» **What the task requires**
A word-for-word restatement of every record is required.

» **Task inputs**
☆ ☆ ☆ ☆
Lemma lagrange_node_ge0 k : (k < m.+1)%N -> 0 <= lagrange_node k.
Proof. by rewrite /lagrange_node ltnS => ->; apply: sqr_ge0. Qed.

Definition cheb_sq_part : {poly R} :=
  if e then odd_poly (cheb R D) else even_poly (cheb R D).

Lemma coef_cheb_parity l : odd l != e -> (cheb R D)`_l = 0.
Proof.
move=> odd_l; apply: coef_cheb_odd.
by rewrite !oddD odd_double addbF; case: (odd a) (odd l) odd_l => [] [].
Qed.

Lemma horner_cheb_sq_part [k] : (k <= m)%N ->
  cheb_node k ^+ e * cheb_sq_part.[lagrange_node k] = (-1) ^+ k.
Proof.
move=> le_km; rewrite /lagrange_node le_km -horner_cheb_node //.
by rewrite (horner_parity _ _ _ _ coef_cheb_parity).
Qed.

Lemma cheb_sq_part_alternating (k : 'I_m.+1) :
  0 <= (-1) ^+ k * cheb_sq_part.[lagrange_node k].
Proof.
have le_km : (k <= m)%N by rewrite -ltnS.
rewrite -horner_cheb_sq_part // -mulrA -expr2.
by apply: mulr_ge0; [apply/exprn_ge0/cheb_node_ge0 | apply: sqr_ge0].
Qed.

Lemma size_cheb_sq_part : (size cheb_sq_part <= m.+1)%N.
Proof.
have := size_cheb_le R D; rewrite /cheb_sq_part cheb_degreeE.
case: (odd a); rewrite ?addn1 ?addn0 => size_le.
  apply: leq_trans (size_odd_poly _) _.
  by rewrite leq_half_double (leq_trans size_le) // doubleS.
apply: leq_trans (size_even_poly _) _.
by rewrite leq_uphalf_double (leq_trans size_le) // doubleS.
Qed.

Lemma coef_cheb_sq_part : cheb_sq_part`_(a./2) = (cheb R D)`_a.
Proof.
rewrite /cheb_sq_part; have := odd_double_half a.
by case: (odd a) => a_eq; rewrite ?coef_odd_poly ?coef_even_poly; congr (nth _ _ _); lia.
Qed.

Local Notation lag k := (tnth (lagrange m.+1 lagrange_node) k).

(* [(-1)^k * cheb_sq_part.[lagrange_node k]] is [cheb_node k ^- e], which turns the
   Lagrange rule in [y = x^2] into a rule for [x^a = x^e * y^(a./2)]. *)
Definition half_weight (k : nat) : R :=
  if (k < m.+1)%N then
    (-1) ^+ k * cheb_sq_part.[lagrange_node k] * (lag (inord k))`_(a./2)
  else 0.
Definition recv_state (st : rp_state) (msgs : seq (nat * seq bool)) : rp_state :=
  let li := st_input st in
  if st_round st < li_zeta li then
    let j := relaxed_start li (st_start st) msgs in
    RPState li (st_round st).+1 j (rcons (st_starts st) j) (st_best st)
  else RPState li (st_round st).+1 (st_start st) (st_starts st) (received_best li msgs).

Definition output_state (st : rp_state) : option nat :=
  if st_best st < 2 * li_n (st_input st) then Some (st_best st) else None.

Definition rp_algo : congest_algo :=
  CongestAlgo rp_state init_state send_state recv_state output_state.

Lemma lt_pow_msg_width N v : v <= 2 * N -> v < 2 ^ msg_width N.
Proof. by rewrite /msg_width /nbits expnS; have := trunc_log_ltn N (isT : 1 < 2); lia. Qed.

Lemma send_stateK st w : message st <= 2 * li_n (st_input st) ->
  nat_of_bits (send_state st w) = message st.
Proof. by move=> le_msg; rewrite bits_ofK // lt_pow_msg_width. Qed.

Section AlgorithmSteps.
Variables (li : local_input) (r j : nat) (js : seq nat) (b : nat).
Variable msgs : seq (nat * seq bool).

Lemma recv_state_early : r < li_zeta li ->
  recv_state (RPState li r j js b) msgs =
  RPState li r.+1 (relaxed_start li j msgs) (rcons js (relaxed_start li j msgs)) b.
Proof. by rewrite /recv_state /= => ->. Qed.

Lemma recv_state_late : li_zeta li <= r ->
  recv_state (RPState li r j js b) msgs = RPState li r.+1 j js (received_best li msgs).
Proof. by rewrite /recv_state /= ltnNge => ->. Qed.

Lemma message_early : r < li_zeta li -> message (RPState li r j js b) = j.
Proof. by rewrite /message /= => ->. Qed.

Lemma message_late : li_zeta li <= r -> message (RPState li r j js b) =
  if li_pos li is Some (l, _, dt) then
    minn (best_via (2 * li_n li) dt js (l + (r - li_zeta li) - li_zeta li)) b
  else 2 * li_n li.
Proof. by rewrite /message /candidate /= ltnNge => ->; case: (li_pos li) => [[[]]|]. Qed.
☆ ☆ ☆ ☆
» **Solution to the exercise**
Lemma lagrange_node_ge0 k : (k < m.+1)%N -> 0 <= lagrange_node k.
Proof. by rewrite /lagrange_node ltnS => ->; apply: sqr_ge0. Qed.

Definition cheb_sq_part : {poly R} :=
  if e then odd_poly (cheb R D) else even_poly (cheb R D).

Lemma coef_cheb_parity l : odd l != e -> (cheb R D)`_l = 0.
Proof.
move=> odd_l; apply: coef_cheb_odd.
by rewrite !oddD odd_double addbF; case: (odd a) (odd l) odd_l => [] [].
Qed.

Lemma horner_cheb_sq_part [k] : (k <= m)%N ->
  cheb_node k ^+ e * cheb_sq_part.[lagrange_node k] = (-1) ^+ k.
Proof.
move=> le_km; rewrite /lagrange_node le_km -horner_cheb_node //.
by rewrite (horner_parity _ _ _ _ coef_cheb_parity).
Qed.

Lemma cheb_sq_part_alternating (k : 'I_m.+1) :
  0 <= (-1) ^+ k * cheb_sq_part.[lagrange_node k].
Proof.
have le_km : (k <= m)%N by rewrite -ltnS.
rewrite -horner_cheb_sq_part // -mulrA -expr2.
by apply: mulr_ge0; [apply/exprn_ge0/cheb_node_ge0 | apply: sqr_ge0].
Qed.

Lemma size_cheb_sq_part : (size cheb_sq_part <= m.+1)%N.
Proof.
have := size_cheb_le R D; rewrite /cheb_sq_part cheb_degreeE.
case: (odd a); rewrite ?addn1 ?addn0 => size_le.
  apply: leq_trans (size_odd_poly _) _.
  by rewrite leq_half_double (leq_trans size_le) // doubleS.
apply: leq_trans (size_even_poly _) _.
by rewrite leq_uphalf_double (leq_trans size_le) // doubleS.
Qed.

Lemma coef_cheb_sq_part : cheb_sq_part`_(a./2) = (cheb R D)`_a.
Proof.
rewrite /cheb_sq_part; have := odd_double_half a.
by case: (odd a) => a_eq; rewrite ?coef_odd_poly ?coef_even_poly; congr (nth _ _ _); lia.
Qed.

Local Notation lag k := (tnth (lagrange m.+1 lagrange_node) k).

(* [(-1)^k * cheb_sq_part.[lagrange_node k]] is [cheb_node k ^- e], which turns the
   Lagrange rule in [y = x^2] into a rule for [x^a = x^e * y^(a./2)]. *)
Definition half_weight (k : nat) : R :=
  if (k < m.+1)%N then
    (-1) ^+ k * cheb_sq_part.[lagrange_node k] * (lag (inord k))`_(a./2)
  else 0.
Definition recv_state (st : rp_state) (msgs : seq (nat * seq bool)) : rp_state :=
  let li := st_input st in
  if st_round st < li_zeta li then
    let j := relaxed_start li (st_start st) msgs in
    RPState li (st_round st).+1 j (rcons (st_starts st) j) (st_best st)
  else RPState li (st_round st).+1 (st_start st) (st_starts st) (received_best li msgs).

Definition output_state (st : rp_state) : option nat :=
  if st_best st < 2 * li_n (st_input st) then Some (st_best st) else None.

Definition rp_algo : congest_algo :=
  CongestAlgo rp_state init_state send_state recv_state output_state.

Lemma lt_pow_msg_width N v : v <= 2 * N -> v < 2 ^ msg_width N.
Proof. by rewrite /msg_width /nbits expnS; have := trunc_log_ltn N (isT : 1 < 2); lia. Qed.

Lemma send_stateK st w : message st <= 2 * li_n (st_input st) ->
  nat_of_bits (send_state st w) = message st.
Proof. by move=> le_msg; rewrite bits_ofK // lt_pow_msg_width. Qed.

Section AlgorithmSteps.
Variables (li : local_input) (r j : nat) (js : seq nat) (b : nat).
Variable msgs : seq (nat * seq bool).

Lemma recv_state_early : r < li_zeta li ->
  recv_state (RPState li r j js b) msgs =
  RPState li r.+1 (relaxed_start li j msgs) (rcons js (relaxed_start li j msgs)) b.
Proof. by rewrite /recv_state /= => ->. Qed.

Lemma recv_state_late : li_zeta li <= r ->
  recv_state (RPState li r j js b) msgs = RPState li r.+1 j js (received_best li msgs).
Proof. by rewrite /recv_state /= ltnNge => ->. Qed.

Lemma message_early : r < li_zeta li -> message (RPState li r j js b) = j.
Proof. by rewrite /message /= => ->. Qed.

Lemma message_late : li_zeta li <= r -> message (RPState li r j js b) =
  if li_pos li is Some (l, _, dt) then
    minn (best_via (2 * li_n li) dt js (l + (r - li_zeta li) - li_zeta li)) b
  else 2 * li_n li.
Proof. by rewrite /message /candidate /= ltnNge => ->; case: (li_pos li) => [[[]]|]. Qed.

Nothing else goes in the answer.